Friday, May 15, 2015

Cloak & Dagger #7

I read this for the 2015 Cloak and Dagger Mystery Reading Challenge

Red Gold – Alan Furst

This is the sequel to The World at Night, the historical espionage thriller that introduced film producer Jean-Claude Casson and his adventures in the French Resistance during WWII. Casson reaches a point where he can no longer sit out the Nazi occupation of France. For one, he is already a fugitive who escaped out of a toilet window of Gestapo headquarters in Paris. For another, he can no longer feel afraid. He doesn’t feel much of anything. He becomes more active in the Resistance not so much out of patriotism but out of a feeling that there is nothing left that he could do that could give his life meaning. I think the story and characterization are more economical and readable in this novel compared to The World at Night. Furst creates the same tense, murky, romantic atmosphere, but does not let ambiance take over like in The World at Night.

Casson has been recruited by a Gaullist officer DeGrave, under whom he served early in the war. This faction wants to fight the common enemy with the more organized and numerous Communists. They assign Casson to find the Communist leadership and find out what they need to make a deal. Casson eventually meets Weiss, Moscow Center’s rep and supervisor of a motley collection of teenagers, Jewish people in hiding, and thugs out to kill people who happen to be Germans because it’s fun. Weiss and his people set a price on cooperation - a thousand machine guns, with ammunition. Used to negotiating when getting movies made, Casson keeps his feet on the ground:

“We have a lot to offer, Casson. Help with field operations, intelligence -- but they have to ask. From the first contact we felt that no matter how hard we've fought against each other in the past, we now have a common enemy, so it's time for us to be allies.”

“War changes everything.”

Weiss smiled. “It should, logically it should. But the world doesn't run on logic, it runs on the seven deadly sins and the weather.

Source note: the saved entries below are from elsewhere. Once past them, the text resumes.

(* One step of symmetric Gaussian elimination: a unimodular congruence E clears the first
   row and column, leaving the Schur complement of the pivot [a]. *)
Lemma pd_schur n (S : 'M[R]_(1 + n)) : pd_mx S ->
  exists a (b : 'M[R]_(1, n)) (D : 'M[R]_n) (E : 'M[R]_(1 + n)),
  [/\ S = block_mx a%:M b b^T D, 0 < a, \det E = 1,
      E^T *m S *m E = block_mx a%:M 0 0 (D - a^-1 *: (b^T *m b)) &
      pd_mx (D - a^-1 *: (b^T *m b))].
Proof.
move=> PS; set a := ulsubmx S 0 0; set b := ursubmx S; set D := drsubmx S.
have ES : S = block_mx a%:M b b^T D.
  by rewrite -{1}[S]submxK /b trmx_ursub PS.1 [ulsubmx S]mx11_scalar.
have a0 : 0 < a.
  have := PS.2 (col_mx 1%:M 0); rewrite col_mx_eq0 oner_eq0 => /(_ isT).
  rewrite {1}ES /bilin tr_col_mx trmx0 mul_row_block !mul0mx !addr0 mul_row_col.
  by rewrite mulmx0 addr0 trmx1 mul1mx mulmx1 mxE eqxx.
set E : 'M[R]_(1 + n) := block_mx 1%:M (- a^-1 *: b) 0 1%:M.
have detE : \det E = 1 by rewrite det_ublock !det1 mulr1.
have EtSE : E^T *m S *m E = block_mx a%:M 0 0 (D - a^-1 *: (b^T *m b)).
  rewrite /E ES tr_block_mx !trmx1 trmx0 !mulmx_block !mul1mx !mulmx1 !mul0mx !mulmx0.
  have -> : (- a^-1 *: b)^T = - a^-1 *: b^T by rewrite linearZ.
  rewrite !addr0 mul_scalar_mx mul_mx_scalar !scalerA mulrN mulfV ?gt_eqF //.
  by rewrite !scaleN1r !addNr mul0mx add0r -scalemxAl scaleNr addrC.
exists a, b, D, E; split=> //.
have UE : E \in unitmx by rewrite unitmxE detE unitr1.
by have := pd_congr PS UE; rewrite EtSE => /pd_block_diag [].
Qed.

Lemma pd_congr_eq1 n (A : 'M[R]_n) : pd_mx A ->
  exists2 P : 'M[R]_n, P \in unitmx & P^T *m A *m P = 1%:M.
Proof.
elim: n A => [|n IH] A PA.
  exists 1%:M; first by rewrite unitmxE det_mx00 unitr1.
  by rewrite (flatmx0 (_ *m _)) (flatmx0 1%:M).
have [a [b [D [E [_ a0 detE EtAE PC]]]]] := pd_schur PA.
have [Q UQ QtCQ] := IH _ PC.
set s := (Num.sqrt a)^-1.
have sas : s * a * s = 1.
  by rewrite mulrAC -expr2 exprVn sqr_sqrtr ?ltW // mulVf ?gt_eqF.
set F : 'M[R]_(1 + n) := block_mx s%:M 0 0 Q.
exists (E *m F).
  rewrite unitmx_mul !unitmxE detE unitr1 (det_ublock (s%:M : 'M_1)) det_scalar1.
  by rewrite unitrM -unitmxE UQ unitfE invr_eq0 gt_eqF ?sqrtr_gt0.
have -> : (E *m F)^T *m A *m (E *m F) = F^T *m (E^T *m A *m E) *m F.
  by rewrite trmx_mul !mulmxA.
rewrite EtAE /F tr_block_mx tr_scalar_mx !trmx0 !mulmx_block.
rewrite ?mul0mx ?mulmx0 ?addr0 ?add0r -!scalar_mxM sas (mul0mx _ Q) (mul0mx _ s%:M) QtCQ.
exact: (esym (scalar_mx_block 1 n 1)).
Qed.

Lemma pd_det_gt0 n (A : 'M[R]_n) : pd_mx A -> 0 < \det A.
Proof.
move=> /pd_congr_eq1 [P UP PtAP]; have := congr1 determinant PtAP.
rewrite !det_mulmx det_tr det1 mulrAC => detPPA.
have detPP : 0 < \det P * \det P by rewrite -expr2 exprn_even_gt0 // -unitfE -unitmxE.
by rewrite -(pmulr_rgt0 _ detPP) detPPA ltr01.
Qed.

Lemma ln_le_subr1 (a : R) : 0 < a -> ln a <= a - 1 ?= iff (a == 1).
Proof.
move=> a0; apply/leifP; have [->|a1] := eqVneq a 1; first by rewrite ln1 subrr.
have : ln a != 0 by rewrite ln_eq0.
by move=> /expR_gt1Dx; rewrite lnK ?posrE //; lra.
Qed.

(* The matrix form of [ln a <= a - 1]: for S = diag(a, C) up to a unimodular congruence,
   ln det S = ln a + ln det C while tr S - (n + 1) exceeds (a - 1) + (tr C - n) by the
   nonnegative term b b^T / a. *)
Lemma pd_ln_det_le_tr n (S : 'M[R]_n) : pd_mx S ->
  ln (\det S) <= \tr S - n%:R ?= iff (S == 1%:M).
Proof.
elim: n S => [|n IH] S PS.
  by rewrite det_mx00 ln1 /mxtrace big_ord0 subrr (flatmx0 S) (flatmx0 1%:M) eqxx; apply/leifP.
have [a [b [D [E [ES a0 detE EtSE PC]]]]] := pd_schur PS.
set C := D - a^-1 *: (b^T *m b) in EtSE PC.
have detS : \det S = a * \det C.
  have := congr1 determinant EtSE.
  by rewrite !det_mulmx det_tr detE mulr1 mul1r det_ublock det_scalar1.
set t := dotv b^T b^T.
have trS : \tr S - n.+1%:R = (a - 1) + (\tr C - n%:R) + a^-1 * t.
  have := mxtrace_block (a%:M : 'M_1) b b^T D; rewrite mxtrace_scalar -ES => ->.
  rewrite /C raddfB /= mxtraceZ mxtrace_mulC /t /dotv trmxK /mxtrace big_ord1 mulrSr.
  by ring.
have t_leif : 0 <= a^-1 * t ?= iff (b == 0).
  have -> : (b == 0) = (0 == a^-1 * t).
    by rewrite [RHS]eq_sym mulf_eq0 invr_eq0 gt_eqF //= dotvv_eq0 trmx_eq0.
  by apply/leif_eq/mulr_ge0; [rewrite invr_ge0 ltW | apply: dotvv_ge0].
have := leifD (leifD (ln_le_subr1 a0) (IH _ PC)) t_leif.
rewrite addr0 -lnM ?posrE ?pd_det_gt0 // -detS -trS.
congr (_ <= _ ?= iff _); rewrite ES [in RHS](scalar_mx_block 1 n 1).
have [b0 | b0] := eqVneq b 0; last first.
  rewrite andbF; apply/esym/negbTE; apply: contra b0 => /eqP eqS.
  by have [_ -> _ _] := @eq_block_mx _ 1 n 1 n _ _ _ _ _ _ _ _ eqS.
rewrite /C b0 trmx0 mul0mx scaler0 subr0 andbT.
apply/andP/eqP => [[/eqP-> /eqP->] // | eqS].
have [a1 _ _ ->] := @eq_block_mx _ 1 n 1 n _ _ _ _ _ _ _ _ eqS; split=> //.
by move/(congr1 (fun M : 'M_1 => M 0 0)): a1; rewrite !mxE eqxx !mulr1n => ->.
Qed.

Even so, we have to try to do what we can.”

“And it helps,’ Casson said, “to have machine guns.”

DeGrave introduces Casson to Helene, a Jewish woman who could be denounced at any time by a malicious co-worker. Casson also works to get Helene out of France. Handling this sub-plot, Frust captures the inescapable desolation – as Simenon called it, Dirty Snow -  of the occupation.

With his power to convey atmosphere and incidents, Furst can induce strong emotions in a reader. "I write entertainment novels," said Furst in a 2004 interview. "I write what I call novels of consolation for people who are bright and sophisticated.” I’m not sure what he meant by that, but he may be saying that a certain kind of reader would use the novel as moral yardstick, wondering what he or she would do in circumstances such as resisting an occupation by an enemy. I guess certain readers would console themselves that they would do the right thing, that it would be two-thirds of everybody else that would collaborate or watch an occupation from the sidelines.